* _Work to be completed_: Look through the entries below and extract exactly the lines from the one containing "forall (i : 'I_d)" through the one containing "Definition ad (x", ends included.
---+---
(* Let $\Bbbk$ be a field of characteristic zero, let $d\ge 2$ be an integer, and let $A$ be a vector space over $\Bbbk$ (of arbitrary, possibly infinite, dimension) equipped with a symmetric $d$-linear map $\mu: A^d\to A$. If $A$ is Yagzhev nil, then $A$ is Engel. More precisely, if $A$ is Yagzhev nil of nilindex $p$, then $A$ is $n$-Engel for $$n = d\left\lfloor \frac{p-2}{d-1}\right\rfloor + 1.$$
   Context: The map $\mu$ is symmetric: $\mu(x_1,\dots,x_d)=\mu(x_{\sigma(1)},\dots,x_{\sigma(d)})$ for all $\sigma\in S_d$ and all $x_i\in A$. For $x,y\in A$ define $\mathrm{ad}_x(y)=\mu(x,\dots,x,y)$ (with $d-1$ copies of $x$), $\mathrm{ad}_x^1=\mathrm{ad}_x$, and $\mathrm{ad}_x^{k+1}(y)=\mu(x,\dots,x,\mathrm{ad}_x^k(y))$. The algebra $(A,\mu)$ is called $n$-Engel if $\mathrm{ad}_x^n(y)=0$ for all $x,y\in A$, and Engel if it is $n$-Engel for some positive integer $n$. Define maps $T_q:A\to A$ for positive integers $q$ recursively by $T_1(x)=x$ and, for $q>1$, $T_q(x)=\sum \mu(T_{i_1}(x),\dots,T_{i_d}(x))$, where the sum runs over all $d$-tuples $(i_1,\dots,i_d)$ of positive integers with $i_1+\dots+i_d=q$. The algebra $A$ is called Yagzhev nil of nilindex $p$ (for a positive integer $p$) if $T_q(x)=0$ for all $x\in A$ and all integers $q\ge p$; it is called Yagzhev nil if it is Yagzhev nil of nilindex $p$ for some $p$. *)

From HB Require Import structures.
From mathcomp Require Import all_boot all_order all_algebra all_fingroup.
Set Implicit Arguments.
Unset Strict Implicit.
Unset Printing Implicit Defensive.
Import GRing.Theory.
Local Open Scope ring_scope.

Section DAry.
Variables (k : fieldType) (A : lmodType k) (d : nat).
Variable mu : {ffun 'I_d -> A} -> A.

Definition multilinear : Prop :=
  forall (i : 'I_d) (f : {ffun 'I_d -> A}) (a : k) (x y : A),
    mu [ffun j => if j == i then a *: x + y else f j] =
    a *: mu [ffun j => if j == i then x else f j] + mu [ffun j => if j == i then y else f j].

Definition symmetric_op : Prop :=
  forall (s : 'S_d) (f : {ffun 'I_d -> A}), mu [ffun j => f (s j)] = mu f.

Definition ad (x y : A) : A :=
  mu [ffun j : 'I_d => if (j : nat) == d.-1 then y else x].

Definition adn (n : nat) (x y : A) : A := iter n (ad x) y.

Definition n_Engel (n : nat) : Prop := forall x y : A, adn n x y = 0.

Definition Engel : Prop := exists n, (0 < n)%N /\ n_Engel n.

(* T_q, defined with fuel; T q x := Tfuel q q x. For d >= 2 each index
   i_j occurring in the sum defining T_q satisfies i_j <= q - 1, so fuel q
   suffices. *)
Fixpoint Tfuel (fuel q : nat) (x : A) : A :=
  match fuel with
  | O => 0
  | fuel'.+1 =>
      if q == 1%N then x else
      \sum_(t : {ffun 'I_d -> 'I_q.+1} |
              [forall j, (0 < (t j : nat))%N] && ((\sum_(j < d) (t j : nat))%N == q))
         mu [ffun j => Tfuel fuel' (t j) x]
  end.

Definition T (q : nat) (x : A) : A := Tfuel q q x.

Definition Yagzhev_nil_index (p : nat) : Prop :=
  (0 < p)%N /\ forall (x : A) (q : nat), (p <= q)%N -> T q x = 0.

Definition Yagzhev_nil : Prop := exists p, Yagzhev_nil_index p.

End DAry.

From HB Require Import structures.
From mathcomp Require Import all_boot all_order all_algebra all_fingroup.
From mathcomp Require Import zify.
Set Implicit Arguments.
Unset Strict Implicit.
Unset Printing Implicit Defensive.
Import GRing.Theory.
Local Open Scope ring_scope.

(* Let F(x) = \sum_(q < p) T_q(x).  Since T_q = 0 for q >= p, the recursion
   defining the T_q gives the fixed-point identity F(x) = x + mu(F(x), ..., F(x)).
   Evaluate it on the curve x(l) = l y - l^d mu(y, ..., y) + l^K z with K large.
   By multilinearity T_q(x(l)) is a polynomial in l, and as k is infinite the
   identity holds coefficientwise: the coefficients R_n of F(x(l)) satisfy
   R = X + conv(R, ..., R), where X are the coefficients of x(l).  Below degree
   2K this recursion forces R_1 = y, R_(K + (d-1)j) = d^j ad_y^j z and R_n = 0
   otherwise.  On the other hand a monomial of T_q(x(l)) containing z exactly
   once has degree between K and K + d(q-1), and T_q = 0 unless q = 1 mod d-1;
   for q < p this forces R_(K + (d-1)n) = 0 when n = d ((p-2) %/ (d-1)) + 1. *)

Lemma sum_if_eq (V : nmodType) (T : finType) (P : pred T) (a : T) (v : V) :
  \sum_(s | P s) (if s == a then v else 0) = if P a then v else 0.
Proof.
rewrite -big_mkcondr; case: ifP => Pa; [apply: (big_pred1 a) | apply: big_pred0] => s /=;
  by case: eqP => [->|]; rewrite ?Pa ?andbF.
Qed.

Lemma sum_ffun_if_vals (V : nmodType) d n (t : 'I_d -> nat) (v : V) : (forall j, t j <= n)%N ->
  \sum_(s : {ffun 'I_d -> 'I_n.+1} | (\sum_j s j)%N == n)
     (if [forall j, s j == t j :> nat] then v else 0)
  = if (\sum_j t j)%N == n then v else 0.
Proof.
move=> le_tn; pose s0 : {ffun 'I_d -> 'I_n.+1} := [ffun j => inord (t j)].
have s0E j : s0 j = t j :> nat by rewrite ffunE inordK // ltnS.
rewrite (eq_bigr (fun s => if s == s0 then v else 0)) => [|s _].
  by rewrite sum_if_eq (eq_bigr t) // => j _; apply: s0E.
congr (if _ then _ else _); apply/forallP/eqP => [st|-> j]; last by rewrite s0E.
by apply/ffunP => j; apply: val_inj => /=; rewrite s0E; apply/eqP.
Qed.

Lemma leq_summand d (t : 'I_d -> nat) j : (t j <= \sum_i t i)%N.
Proof. by rewrite (bigD1 j) //= leq_addr. Qed.

Lemma one_high_summands d K (t : 'I_d -> nat) :
  (forall j, t j = 1%N \/ (K <= t j)%N) -> (\sum_j t j < 2 * K)%N ->
  (forall j, t j = 1%N) \/ exists2 j0, (K <= t j0)%N & forall j, j != j0 -> t j = 1%N.
Proof.
move=> t1K lt_sum; have [/forallP t1|/forallPn [j0 tj0]] := boolP [forall j, t j == 1%N].
  by left => j; apply/eqP.
have le_K0 : (K <= t j0)%N by case: (t1K j0) => // tj01; move: tj0; rewrite tj01.
right; exists j0 => // j ne; case: (t1K j) => // le_K.
move: lt_sum; rewrite ltnNge mul2n -addnn (bigD1 j0) //= (bigD1 j) //= => /negP[].
by rewrite addnA (leq_trans (leq_add le_K0 le_K)) ?leq_addr.
Qed.

Section CoefficientSequences.
Variables (k : fieldType) (A : lmodType k).

Definition peval B (c : nat -> A) (l : k) : A := \sum_(n < B) l ^+ n *: c n.

Lemma peval_widen B1 B2 c l : (B1 <= B2)%N -> (forall n, (B1 <= n)%N -> c n = 0) ->
  peval B2 c l = peval B1 c l.
Proof.
move=> le_B c0; rewrite /peval (big_ord_widen _ (fun n => l ^+ n *: c n) le_B).
rewrite [LHS](bigID (fun n : 'I_B2 => (n < B1)%N)) /= [X in _ + X]big1 ?addr0 //.
by move=> n; rewrite -leqNgt => /c0 ->; rewrite scaler0.
Qed.

Lemma peval_sum (I : finType) (P : pred I) B (c : I -> nat -> A) l :
  peval B (fun n => \sum_(i | P i) c i n) l = \sum_(i | P i) peval B (c i) l.
Proof. by rewrite /peval exchange_big; apply: eq_bigr => n _; rewrite scaler_sumr. Qed.

Lemma peval_sub B a b l : peval B (fun n => a n - b n) l = peval B a l - peval B b l.
Proof. by rewrite /peval -sumrB; apply: eq_bigr => n _; rewrite scalerBr. Qed.

Lemma peval_coef_eq0 B (c : nat -> A) : [pchar k] =i pred0 ->
  (forall l, peval B c l = 0) -> forall n, (n < B)%N -> c n = 0.
Proof.
move=> char0 c0 n lt_nB.
pose V := Vandermonde B (\row_(i < B) (i%:R : k)).
have V_unit : V \in unitmx.
  rewrite unitmxE det_Vandermonde unitfE; apply/prodf_neq0 => i _; apply/prodf_neq0 => j lt_ij.
  by rewrite !mxE -natrB ?(ltnW lt_ij) // ((pcharf0P _).1 char0) subn_eq0 -ltnNge.
have -> : c n = \sum_(i < B) (V *m invmx V) i (Ordinal lt_nB) *: c i.
  rewrite mulmxV // (bigD1 (Ordinal lt_nB)) //= mxE eqxx scale1r big1 ?addr0 // => i ne.
  by rewrite mxE (negbTE ne) scale0r.
under eq_bigr do rewrite mxE scaler_suml.
rewrite exchange_big big1 //= => j _; under eq_bigr do rewrite mulrC -scalerA.
rewrite -scaler_sumr.
have -> : \sum_(i < B) V i j *: c i = peval B c j%:R by apply: eq_bigr => i _; rewrite !mxE.
by rewrite c0 scaler0.
Qed.

End CoefficientSequences.

Section Multilinear.
Variables (k : fieldType) (A : lmodType k) (d : nat) (mu : {ffun 'I_d -> A} -> A).
Hypothesis mu_lin : multilinear mu.

Definition upd (f : {ffun 'I_d -> A}) (i : 'I_d) (x : A) : {ffun 'I_d -> A} :=
  [ffun j => if j == i then x else f j].

Lemma upd_id f i : upd f i (f i) = f.
Proof. by apply/ffunP => j; rewrite ffunE; case: eqP => // ->. Qed.

Definition mu_slot f i x := mu (upd f i x).

Fact mu_slot_is_linear f i : linear (mu_slot f i).
Proof. by move=> a x y; apply: mu_lin. Qed.

HB.instance Definition _ f i :=
  GRing.isLinear.Build k A A *:%R (mu_slot f i) (mu_slot_is_linear f i).

Lemma mu_eq0 (f : {ffun 'I_d -> A}) (i : 'I_d) : f i = 0 -> mu f = 0.
Proof. by move=> fi0; rewrite -(upd_id f i) fi0 -/(mu_slot f i 0) raddf0. Qed.
(* Let $\mathscr{M}$ be a class of monomorphisms in a cotensored $\mathscr{V}$-category $\mathscr{B}$. Suppose that (i) arbitrary (class-indexed) intersections of $\mathscr{M}$-morphisms exist in $\mathscr{B}$ and again lie in $\mathscr{M}$, (ii) pullbacks of $\mathscr{M}$-morphisms along arbitrary morphisms exist in $\mathscr{B}$ and again lie in $\mathscr{M}$, (iii) $\mathscr{M}$ is closed under composition, and (iv) $\mathscr{M}$ is closed under cotensors. Then $\mathscr{M}^{\uparrow_\mathscr{V}}=\mathscr{M}^{\uparrow}$ and $(\mathscr{M}^{\uparrow},\mathscr{M})$ is a $\mathscr{V}$-factorization-system on $\mathscr{B}$.
   Context: $\mathscr{V}$ is a closed symmetric monoidal category; ordinary categories are not assumed locally small. Monomorphisms, intersections (wide pullbacks of class-indexed families of monos with common codomain) and pullbacks here are ordinary notions in the underlying category of $\mathscr{B}$. For $e:A_1\to A_2$, $m:B_1\to B_2$: $e\downarrow m$ means each commutative square $m\cdot u=v\cdot e$ has a unique diagonal $w$ with $w\cdot e=u$, $m\cdot w=v$; $e\downarrow_\mathscr{V} m$ means the square formed by $\mathscr{B}(A_2,m)$, $\mathscr{B}(A_1,m)$, $\mathscr{B}(e,B_1)$, $\mathscr{B}(e,B_2)$ is a pullback in $\mathscr{V}$. $\mathscr{M}^{\uparrow}$ ($\mathscr{M}^{\uparrow_\mathscr{V}}$) is the class of $e$ with $e\downarrow m$ ($e\downarrow_\mathscr{V} m$) for all $m\in\mathscr{M}$; similarly $\mathscr{E}^{\downarrow_\mathscr{V}}$. A $\mathscr{V}$-factorization-system is a pair $(\mathscr{E},\mathscr{M})$ with $\mathscr{E}^{\downarrow_\mathscr{V}}=\mathscr{M}$, $\mathscr{M}^{\uparrow_\mathscr{V}}=\mathscr{E}$, and every morphism assigned a factorization $m\cdot e$, $e\in\mathscr{E}$, $m\in\mathscr{M}$. $\mathscr{M}$ closed under cotensors: $[V,m]\in\mathscr{M}$ for $m\in\mathscr{M}$, $V\in\mathscr{V}$. *)

Set Implicit Arguments.
Unset Strict Implicit.

Record Cat : Type := {
  ob :> Type;
  hom : ob -> ob -> Type;
  idm : forall a, hom a a;
  cmp : forall a b c, hom b c -> hom a b -> hom a c;
  cmp_idl : forall a b (f : hom a b), cmp (idm b) f = f;
  cmp_idr : forall a b (f : hom a b), cmp f (idm a) = f;
  cmp_assoc : forall a b c d (h : hom c d) (g : hom b c) (f : hom a b),
      cmp h (cmp g f) = cmp (cmp h g) f }.
Arguments hom {_} _ _.
Arguments idm {_} _.
Arguments cmp {_ _ _ _} _ _.

Notation "g ∘ f" := (cmp g f) (at level 40, left associativity).
Lemma xiF_nat k : xiF (k%:R : 'F_p) = xi p ^+ k.
Proof. by rewrite /xiF /= val_Fp_nat // (prim_expr_mod xi_prim). Qed.

Lemma xiF0 : xiF (0 : 'F_p) = 1.
Proof. by rewrite /xiF expr0. Qed.

Lemma xiFD : {morph @xiF p : a b / a + b >-> a * b}.
Proof. by move=> a b; rewrite -[a]natr_Zp -[b]natr_Zp -natrD !xiF_nat exprD. Qed.

Lemma xiFXn (a : 'F_p) k : xiF a ^+ k = xiF (a * k%:R).
Proof. by rewrite -[a in RHS]natr_Zp -natrM xiF_nat exprM. Qed.

Lemma xiF_unity (c : 'F_p) : xiF c ^+ p = 1.
Proof. by rewrite xiFXn pchar_Fp_0 // mulr0 xiF0. Qed.

Lemma xiF_neq0 (c : 'F_p) : xiF c != 0.
Proof. by rewrite expf_neq0 // (prim_root_eq0 xi_prim) -lt0n. Qed.

Lemma xiF_inj : injective (@xiF p).
Proof.
move=> a b /eqP; rewrite /xiF (eq_prim_root_expr xi_prim) !modn_small //.
by move=> /eqP /val_inj.
Qed.

Let two_neq0 : (2%:R : 'F_p) != 0.
Proof. by rewrite -(dvdn_pcharf (pchar_Fp p_pr)) gtnNdvd. Qed.

Lemma sqr_xiF_inj : injective (fun c : 'F_p => xiF c ^+ 2).
Proof.
by move=> a b /=; rewrite !xiFXn => /xiF_inj /(mulIf two_neq0).
Qed.

Lemma xiF_Aint (c : 'F_p) : xiF c \in Aint.
Proof. by apply: (Aint_unity_root p_gt0); rewrite unity_rootE xiF_unity. Qed.

Lemma xiF_aut (b : 'F_p) : b != 0 ->
  {u : {rmorphism algC -> algC} | forall c, u (xiF c) = xiF (b * c)}.
Proof.
move=> b_neq0; have b_coprime : coprime (val b) p.
  by rewrite coprime_sym -unitFpE // natr_Zp unitfE.
have [u uE] := Qn_aut_exists b_coprime.
by exists u => c; rewrite uE ?xiF_unity // xiFXn natr_Zp mulrC.
Qed.

Lemma Fp_expS_mul k (a : 'F_p) : a ^+ (k * (p - 1)).+1 = a.
Proof.
have a_p : a ^+ p = a by rewrite -{2}(expf_card a) card_Fp.
elim: k => [|k IHk]; first exact: expr1.
by rewrite mulSn -addnS exprD IHk -exprSr subn1 prednK.
Qed.

Lemma Fp_exp_inverse t : (0 < t)%N -> coprime t (p - 1) ->
  exists u, coprime u (p - 1) /\ forall a : 'F_p, (a ^+ u) ^+ t = a.
Proof.
move=> t_gt0 t_coprime; case: (egcdnP (p - 1) t_gt0) => u k uE _.
rewrite (eqP t_coprime) in uE.
exists u; split; last by move=> a; rewrite -exprM uE addn1 Fp_expS_mul.
have : coprime (u * t) (p - 1) by rewrite coprime_sym /coprime uE gcdnMDl gcdn1.
by rewrite coprimeMl => /andP[].
Qed.

Lemma sum_xiF_morph_eq0 (G : finZmodType) (g : G -> 'F_p) (a0 : G) :
  {morph g : x y / x + y} -> g a0 != 0 -> \sum_a xiF (g a) = 0.
Proof.
move=> gD ga0_neq0; set S := \sum_a _.
have S_shift : S * xiF (g a0) = S.
  rewrite mulr_suml [RHS](reindex_inj (addIr a0)) /=.
  by apply: eq_bigr => a _; rewrite gD xiFD.
apply/eqP; move/eqP: S_shift; rewrite -subr_eq0 -{2}[S]mulr1 -mulrBr mulf_eq0 subr_eq0.
by rewrite -xiF0 (inj_eq xiF_inj) (negbTE ga0_neq0) orbF.
Qed.

Lemma vector_neq_opp (U : lmodType 'F_p) (y : U) : y != 0 -> y != - y.
Proof.
move=> y_neq0; apply: contra y_neq0 => /eqP y_opp.
have : (2%:R : 'F_p) *: y == 0 by rewrite scaler_nat mulr2n {1}y_opp addNr.
by rewrite scaler_eq0 (negbTE two_neq0).
Qed.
---+---
* _Reply_:
  forall (i : 'I_d) (f : {ffun 'I_d -> A}) (a : k) (x y : A),
    mu [ffun j => if j == i then a *: x + y else f j] =
    a *: mu [ffun j => if j == i then x else f j] + mu [ffun j => if j == i then y else f j].

Definition symmetric_op : Prop :=
  forall (s : 'S_d) (f : {ffun 'I_d -> A}), mu [ffun j => f (s j)] = mu f.

Definition ad (x y : A) : A :=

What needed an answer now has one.